In order to fight malaria, the world has come around to the tactics of fighting the mosquitoes that transmit it from human to human that were advocated by naturalist and author Rachel Carson, in her book on pesticides and other hydrocarbon chemicals, Silent Spring.

Carson realized that poisoning the air, water and soil could not work to stop disease, ultimately.  She sounded the alarm with her book in 1962.   In the 1950s DDT became ineffective against bedbugs.  By the middle 1960s, resistance and immunity to DDT by malaria-carrying mosquitoes was almost world wide.  The attempt to “eradicate malaria” collapsed when mosquitoes became resistant, coupled with the failure of too many nations to get an anti-malaria program up and running — and the disease came roaring back when the malaria parasites themselves became resistant to the pharmaceuticals used to treat the disease in humans.

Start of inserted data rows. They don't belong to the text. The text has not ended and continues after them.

Lemma half_gt0_lt1 (R : numFieldType) : 0 < (2^-1 : R) < 1.
Proof. by rewrite invr_gt0 ltr0n invf_lt1 ?ltr0n ?ltr1n. Qed.

Lemma weighted_sum_eq0_signs (R : realDomainType) (I : finType) (w g : I -> R) y :
  (forall i, 0 <= w i) -> \sum_i w i * g i = 0 -> w y != 0 -> g y != 0 ->
  (exists i, (w i != 0) && (g i < 0)) /\ (exists i, (w i != 0) && (0 < g i)).
Proof.
move=> w0 s0 wy gy.
have opposite (h : I -> R) : \sum_i w i * h i = 0 -> 0 < h y ->
    exists i, (w i != 0) && (h i < 0).
  move=> hs hy; apply: NNPP => none.
  have wh0 i : 0 <= w i * h i.
    case: (eqVneq (w i) 0) => [->|wi]; first by rewrite mul0r.
    by rewrite mulr_ge0 // leNgt; apply: contra_notN none => hi; exists i; rewrite wi.
  have /eqP := @psumr_eq0P _ _ predT _ (fun i _ => wh0 i) hs y isT.
  by rewrite mulf_eq0 (negbTE wy) (gt_eqF hy).
case: (ltrgtP (g y) 0) => [gneg|gpos|/eqP]; last by rewrite (negbTE gy).
- split; first by exists y; rewrite wy gneg.
  have sN : \sum_i w i * - g i = 0.
    by under eq_bigr do rewrite mulrN; rewrite sumrN s0 oppr0.
  have [i /andP[wi]] := opposite _ sN (ltac:(by rewrite oppr_gt0)).
  by rewrite oppr_lt0 => gi; exists i; rewrite wi.
- by split; [exact: opposite | exists y; rewrite wy gpos].
Qed.

Lemma small_enough_seq (R : realDomainType) (I : eqType) (s : seq I)
    (Q : I -> R -> Prop) :
  (forall i, i \in s -> exists2 d, 0 < d & forall e, 0 < e <= d -> Q i e) ->
  exists2 d, 0 < d & forall i, i \in s -> forall e, 0 < e <= d -> Q i e.
Proof.
elim: s => [|i s IHs] hs; first by exists 1.
have [d1 d1p Qi] := hs i (mem_head _ _).
have [d2 d2p Qs] := IHs (fun j js => hs j (mem_behead (s := i :: s) js)).
exists (Num.min d1 d2); first by rewrite lt_min d1p d2p.
move=> j; rewrite inE => /predU1P[->|js] e /andP[e0]; rewrite le_min => /andP[e1 e2].
- by apply: Qi; rewrite e0.
- by apply: Qs => //; rewrite e0.
Qed.

Section AffineFunctionals.
Variable R : realType.

Definition lerp (x y : pt R) (e : R) : pt R := fun k => x k + e * (y k - x k).

Lemma dot_lerp (a x y : pt R) e :
  dot a (lerp x y e) = dot a x + e * (dot a y - dot a x).
Proof.
rewrite /dot -sumrB mulr_sumr -big_split /=.
by apply: eq_bigr => k _; rewrite /lerp; ring.
Qed.

Definition horner_pt (P : {poly R}) (x : pt R) : R :=
  P`_0 + dot (fun k => P`_k.+1) x.
Lemma mu_term_pull (g : sl2) x y s t :
  irrational x -> irrational y -> (s, t) != (0, 0) ->
  mu_term n x y (pull g (s, t)).1 (pull g (s, t)).2 =
  (weight (sl2a g) (sl2c g) s t * ratio (mobius g x) (mobius g y) s t)%:E.
Proof.
move=> irr_x irr_y st0.
rewrite ratio_mobius ?mobius_den_neq0 // mu_termE //.
by rewrite -surjective_pairing pull_eq0.
Qed.

Lemma unimodular_near_mu x y A (e : R) : mu n x y = A%:E -> 0 < e ->
  exists g : sl2, 0 <= mobius g x < 1 /\
    A - e < weight (sl2a g) (sl2c g) 1 0 * `|mobius g x - mobius g y|.
Proof.
move=> muA e_gt0; have [irr_x irr_y] := mu_finite_irrational muA.
have : ((A - e)%:E < mu n x y)%E by rewrite muA lte_fin gtrBl.
case/ereal_sup_gt => _ [[s t] /= st0 <-] lt_st.
have [s1 [t1 [cop le_st]]] := mu_term_primitive irr_x irr_y st0.
have [u [v]] := Bezoutz s1 t1; rewrite cop => uv1.
have det0 : u * s1 - v * - t1 = 1 by rewrite -uv1 mulrN opprK.
pose g0 := SL2 det0; pose g := sl2_shift g0 (- Num.floor (mobius g0 x)).
exists g; split.
  rewrite mobius_shift ?(mobius_den_neq0 g0) // intrN subr_ge0 ltrBlDl addrC.
  by have := floor_itv (mobius g0 x); rewrite intrD addrC.
have := @mu_term_pull g x y 1 0 irr_x irr_y isT.
rewrite ratio10 /pull /= !(mul1r, mul0r, subr0, sub0r) opprK -lte_fin => <-.
exact: lt_le_trans lt_st le_st.
Qed.

Lemma residue_lt (z : int) : (`|(z %% n)%Z|%N < n)%N.
Proof.
have n_neq0 : n%:Z != 0 by rewrite eqz_nat -lt0n.
by rewrite -ltz_nat gez0_abs ?modz_ge0 // ltz_pmod // ltz_nat.
Qed.

Definition residue (z : int) : 'I_n := Ordinal (residue_lt z).

Lemma residueE (z : int) : (residue z)%:Z = (z %% n)%Z.
Proof. by rewrite /= gez0_abs // modz_ge0 // eqz_nat -lt0n. Qed.
Lemma sum_pl_prob m D : (m <= #|D|)%N -> \sum_(r : m.-tuple 'I_n) pl_prob D r = 1.
Proof.
elim: m D => [|m IH] D leD.
  rewrite (eq_bigr (fun _ => 1)) => [|r _]; last by rewrite (tuple0 r).
  by rewrite sumr_const card_tuple expn0.
have [x xD] : exists x, x \in D.
  by apply/set0Pn; rewrite -card_gt0; apply: leq_trans leD.
rewrite sum_tuple_cons.
rewrite (eq_bigr (fun y => (y \in D)%:R * (expR (u y) / expsum D))) => [|y _].
  under eq_bigr do rewrite mulr_natl mulrb.
  by rewrite -big_mkcond -mulr_suml divff // gt_eqF // (expsum_gt0 xD).
under eq_bigr do rewrite pl_prob_cons.
rewrite -mulr_sumr; have [yD|] := boolP (y \in D); last by rewrite !mul0r.
by rewrite (cardsD1 y D) yD add1n ltnS in leD; rewrite IH ?mulr1.
Qed.

Lemma sum_pl_prob_head m C i : (m.+1 <= #|C|)%N ->
  \sum_(r : m.+1.-tuple 'I_n) (ohead r == Some i)%:R * pl_prob C r =
  (i \in C)%:R * (expR (u i) / expsum C).
Proof.
move=> leC; rewrite (@sum_tuple_cons _ _ m (fun s => (ohead s == Some i)%:R * pl_prob C s)).
rewrite (bigD1 i) //= [X in _ + X]big1 ?addr0 => [|x xi]; last first.
  by apply: big1 => r _; rewrite /= (inj_eq Some_inj) (negbTE xi) mul0r.
under eq_bigr do rewrite eqxx mul1r pl_prob_cons.
rewrite -mulr_sumr; case iC: (i \in C); last by rewrite !mul0r.
by rewrite (cardsD1 i C) iC add1n ltnS in leC; rewrite sum_pl_prob ?mulr1.
Qed.

Lemma pl_seq_prod D s x0 :
  \prod_(0 <= t < size s)
     (expR (u (nth x0 s t)) / \sum_(h in D :\: [set y in take t s]) expR (u h))
  = pl_seq D s.
Proof.
elim: s D => [|x s IH] D /=; first by rewrite big_nil.
rewrite big_nat_recl //= -IH; congr (_ * _).
  by congr (_ / _); apply: eq_bigl => h; rewrite !inE.
apply: eq_bigr => t _; congr (_ / _); apply: eq_bigl => h.
by rewrite !inE negb_or; case: (h == x); case: (h \in take t s).
Qed.

Lemma before_take k (r : k.-tuple 'I_n) (t : 'I_k) :
  before r t = [set y in take t r].
Proof.
pose x0 := tnth r t.
apply/setP => y; rewrite !inE; apply/imsetP/idP.
  move=> [s]; rewrite inE => st ->.
  rewrite (tnth_nth x0) -(nth_take x0 st); apply: mem_nth.
  by rewrite size_take size_tuple ltn_min st ltn_ord.
move=> yin; have := yin; rewrite -index_mem size_take size_tuple => hi.
have hik : (index y (take t r) < k)%N by apply: leq_trans hi (geq_minr _ _).
exists (Ordinal hik); first by rewrite inE /= (leq_trans hi (geq_minl _ _)).
rewrite (tnth_nth x0) /= -(nth_take x0 (leq_trans hi (geq_minl _ _))).
by rewrite nth_index.
Qed.

Lemma PrPL_pl_seq k (r : k.-tuple 'I_n) C :
  PrPL u r C = if all (fun y => y \in C) r then pl_seq C r else 0.
Proof.
rewrite /PrPL; case: (@all_tnthP _ _ (fun y => y \in C) r) => [inC|notinC].
  rewrite (introT forallP inC).
  case: k r inC => [|k] r _; first by rewrite (tuple0 r) big_ord0.
  rewrite -(pl_seq_prod C r (thead r)) size_tuple big_mkord.
  by apply: eq_bigr => t _; rewrite (tnth_nth (thead r)) before_take.
by case: forallP => // inC; case: notinC => t; apply: inC.
Qed.

End PlackettLuce.

Section ConsiderationSets.
Variables (R : realType) (n : nat).
Implicit Types (p : 'I_n -> R) (C : {set 'I_n}) (F G : {set 'I_n} -> R).

Definition is_prob_vec p := forall h, 0 <= p h <= 1.

Definition expect p F : R := \sum_C cweight p C * F C.

Lemma cweight_prod p C :
  cweight p C = \prod_h (if h \in C then p h else 1 - p h).
Proof.
rewrite /cweight (big_mkcond (fun h => h \in C)) (big_mkcond (fun h => h \in ~: C)).
rewrite -big_split /=; apply: eq_bigr => h _; rewrite inE.
by case: (h \in C); rewrite /= ?mulr1 ?mul1r.
Qed.

Lemma cweight_ge0 p C : is_prob_vec p -> 0 <= cweight p C.
Proof.
move=> p_prob; rewrite cweight_prod; apply: prodr_ge0 => h _.
by have /andP[ph_ge0 ph_le1] := p_prob h; case: (h \in C); rewrite ?subr_ge0.
Qed.

Lemma sum_cweight p : \sum_C cweight p C = 1.
Proof.
under eq_bigr do rewrite cweight_prod.
rewrite -(@bigA_distr R 0 1 *%R +%R _ (fun h => p h) (fun h => 1 - p h)) /=.
by apply: big1 => h _; rewrite addrC subrK.
Qed.

Lemma expect_ge0 p F : is_prob_vec p -> (forall C, 0 <= F C) -> 0 <= expect p F.
Proof. by move=> p_prob F_ge0; apply: sumr_ge0 => C _; rewrite mulr_ge0 ?cweight_ge0. Qed.

Lemma expectD p F G : expect p (fun C => F C + G C) = expect p F + expect p G.
Proof. by rewrite /expect -big_split; apply: eq_bigr => C _; rewrite mulrDr. Qed.

Lemma ler_expect p F G : is_prob_vec p -> (forall C, F C <= G C) ->
  expect p F <= expect p G.
Proof. by move=> p_prob leFG; apply: ler_sum => C _; rewrite ler_wpM2l ?cweight_ge0. Qed.

Section RaiseOne.
Variable j : 'I_n.

Definition cweight_off p C := \prod_(h | h != j) (if h \in C then p h else 1 - p h).

Lemma cweight_split p C :
  cweight p C = (if j \in C then p j else 1 - p j) * cweight_off p C.
Proof. by rewrite cweight_prod (bigD1 j). Qed.

Lemma cweight_off_setU1 p C : cweight_off p (j |: C) = cweight_off p C.
Proof. by apply: eq_bigr => h hj; rewrite !inE (negbTE hj). Qed.

Lemma expect_pair p F : expect p F =
  \sum_(C : {set 'I_n} | j \notin C) cweight_off p C * ((1 - p j) * F C + p j * F (j |: C)).
Proof.
rewrite /expect (bigID (fun C => j \in C)) /= addrC.
rewrite [X in _ + X](reindex_onto (fun C : {set 'I_n} => j |: C) (fun C => C :\ j)) /=;
  last exact: setD1K.
rewrite [X in _ + X](eq_bigl (fun C => j \notin C)) => [|C]; last first.
  rewrite setU11 /=; have [jC|jC] := boolP (j \in C); last by rewrite setU1K ?eqxx.
  by apply/eqP => e; move: jC; rewrite -e !inE eqxx.
rewrite -big_split /=; apply: eq_bigr => C jC.
rewrite !cweight_split cweight_off_setU1 setU11 (negbTE jC); ring.
Qed.

(* Conditionally on the other coordinates, raising p_j moves mass from C to j |: C. *)
Lemma ler_expect_raise p p' F : is_prob_vec p ->
  (forall h, h != j -> p' h = p h) -> p j <= p' j ->
  (forall C, F (j |: C) <= F C) -> expect p' F <= expect p F.
Proof.
move=> p_prob p'E le_pj F_anti; rewrite !expect_pair; apply: ler_sum => C _.
have -> : cweight_off p' C = cweight_off p C by apply: eq_bigr => h hj; rewrite p'E.
apply: ler_wpM2l.
  apply: prodr_ge0 => h _; have /andP[ph_ge0 ph_le1] := p_prob h.
  by case: (h \in C); rewrite ?subr_ge0.
rewrite -subr_ge0.
have -> : (1 - p j) * F C + p j * F (j |: C) - ((1 - p' j) * F C + p' j * F (j |: C))
  = (p' j - p j) * (F C - F (j |: C)) by ring.
by rewrite mulr_ge0 // subr_ge0.
Qed.

End RaiseOne.

Lemma expect_pow_card p t :
  expect p (fun C => t ^+ #|C|) = \prod_h (t * p h + (1 - p h)).
Proof.
rewrite (@bigA_distr R 0 1 *%R +%R _ (fun h => t * p h) (fun h => 1 - p h)) /=.
apply: eq_bigr => C _.
rewrite cweight_prod -prodr_const [X in _ * X]big_mkcond /= -big_split /=.
by apply: eq_bigr => h _; case: (h \in C); rewrite ?mulr1 // mulrC.
Qed.

(* Chernoff bound, obtained from Markov's inequality for alpha^-|C|. *)
Lemma expect_card_lt_le p (alpha : R) k : is_prob_vec p -> 1 < alpha ->
  alpha * k%:R <= \sum_h p h ->
  expect p (fun C => (#|C| < k)%N%:R) <= (alpha * expR (1 - alpha)) ^+ k.
Proof.
move=> p_prob alpha_gt1 sum_p_ge.
have alpha_gt0 : 0 < alpha by apply: lt_trans alpha_gt1.
pose t := alpha^-1.
have t_gt0 : 0 < t by rewrite invr_gt0.
have t_lt1 : t < 1 by rewrite invf_lt1.
have markov : expect p (fun C => (#|C| < k)%N%:R) <=
    alpha ^+ k * expect p (fun C => t ^+ #|C|).
  rewrite /expect mulr_sumr; apply: ler_sum => C _.
  rewrite mulrCA; apply: ler_wpM2l; first exact: cweight_ge0.
  case: ltnP => [small|_] /=; last by rewrite mulr_ge0 // exprn_ge0 // ltW.
  by rewrite /t exprVn ler_pdivlMr ?exprn_gt0 // mul1r ler_eXn2l // ltnW.
have factor_le h : t * p h + (1 - p h) <= expR ((t - 1) * p h).
  have -> : t * p h + (1 - p h) = 1 + (t - 1) * p h by ring.
  exact: expR_ge1Dx.
have sum_le : expR ((t - 1) * \sum_h p h) <= expR (1 - alpha) ^+ k.
  rewrite -expRM_natr ler_expR.
  have -> : (1 - alpha) * k%:R = (t - 1) * (alpha * k%:R).
    by rewrite /t mulrA [(_ - 1) * alpha]mulrBl mulVf ?gt_eqF // mul1r.
  by rewrite ler_nM2l ?subr_lt0.
apply: (le_trans markov); rewrite expect_pow_card exprMn.
apply: ler_wpM2l; first by rewrite exprn_ge0 // ltW.
apply: le_trans sum_le; rewrite mulr_sumr expR_sum; apply: ler_prod => h _.
have /andP[ph_ge0 ph_le1] := p_prob h.
by rewrite factor_le andbT; nra.
Qed.

Lemma expect_card_lt_eq0 p k : (k <= #|[set h | p h == 1%R]|)%N ->
  expect p (fun C => (#|C| < k)%N%:R) = 0.
Proof.
move=> many_certain; apply: big1 => C _; case: ltnP => [small|_]; last by rewrite mulr0.
have : ~~ ([set h | p h == 1] \subset C).
  apply: contraTN small => sub; rewrite -leqNgt.
  exact: leq_trans many_certain (subset_leq_card sub).
case/subsetPn => h; rewrite inE => /eqP ph1 hC.
by rewrite cweight_prod (bigD1 h) //= (negbTE hC) ph1 subrr !mul0r.
Qed.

New strides against malaria have been made with the creation of new pharmaceutical regimens to kill the parasites in humans, and the adoption of the rigorous, Rachel Carson-advocated programs of integrated pest management to control insects that are a necessary part of the malaria parasites’ life cycle.

Unfortunately, about 6 out of every ten stories done on mosquitoes and malaria in the past year have scoriated Carson as wrong on the science (she was not), and as a “killer of children” despite the millions her work is saving.  There is a big business in spreading false tales about DDT, about malaria, and about Rachel Carson.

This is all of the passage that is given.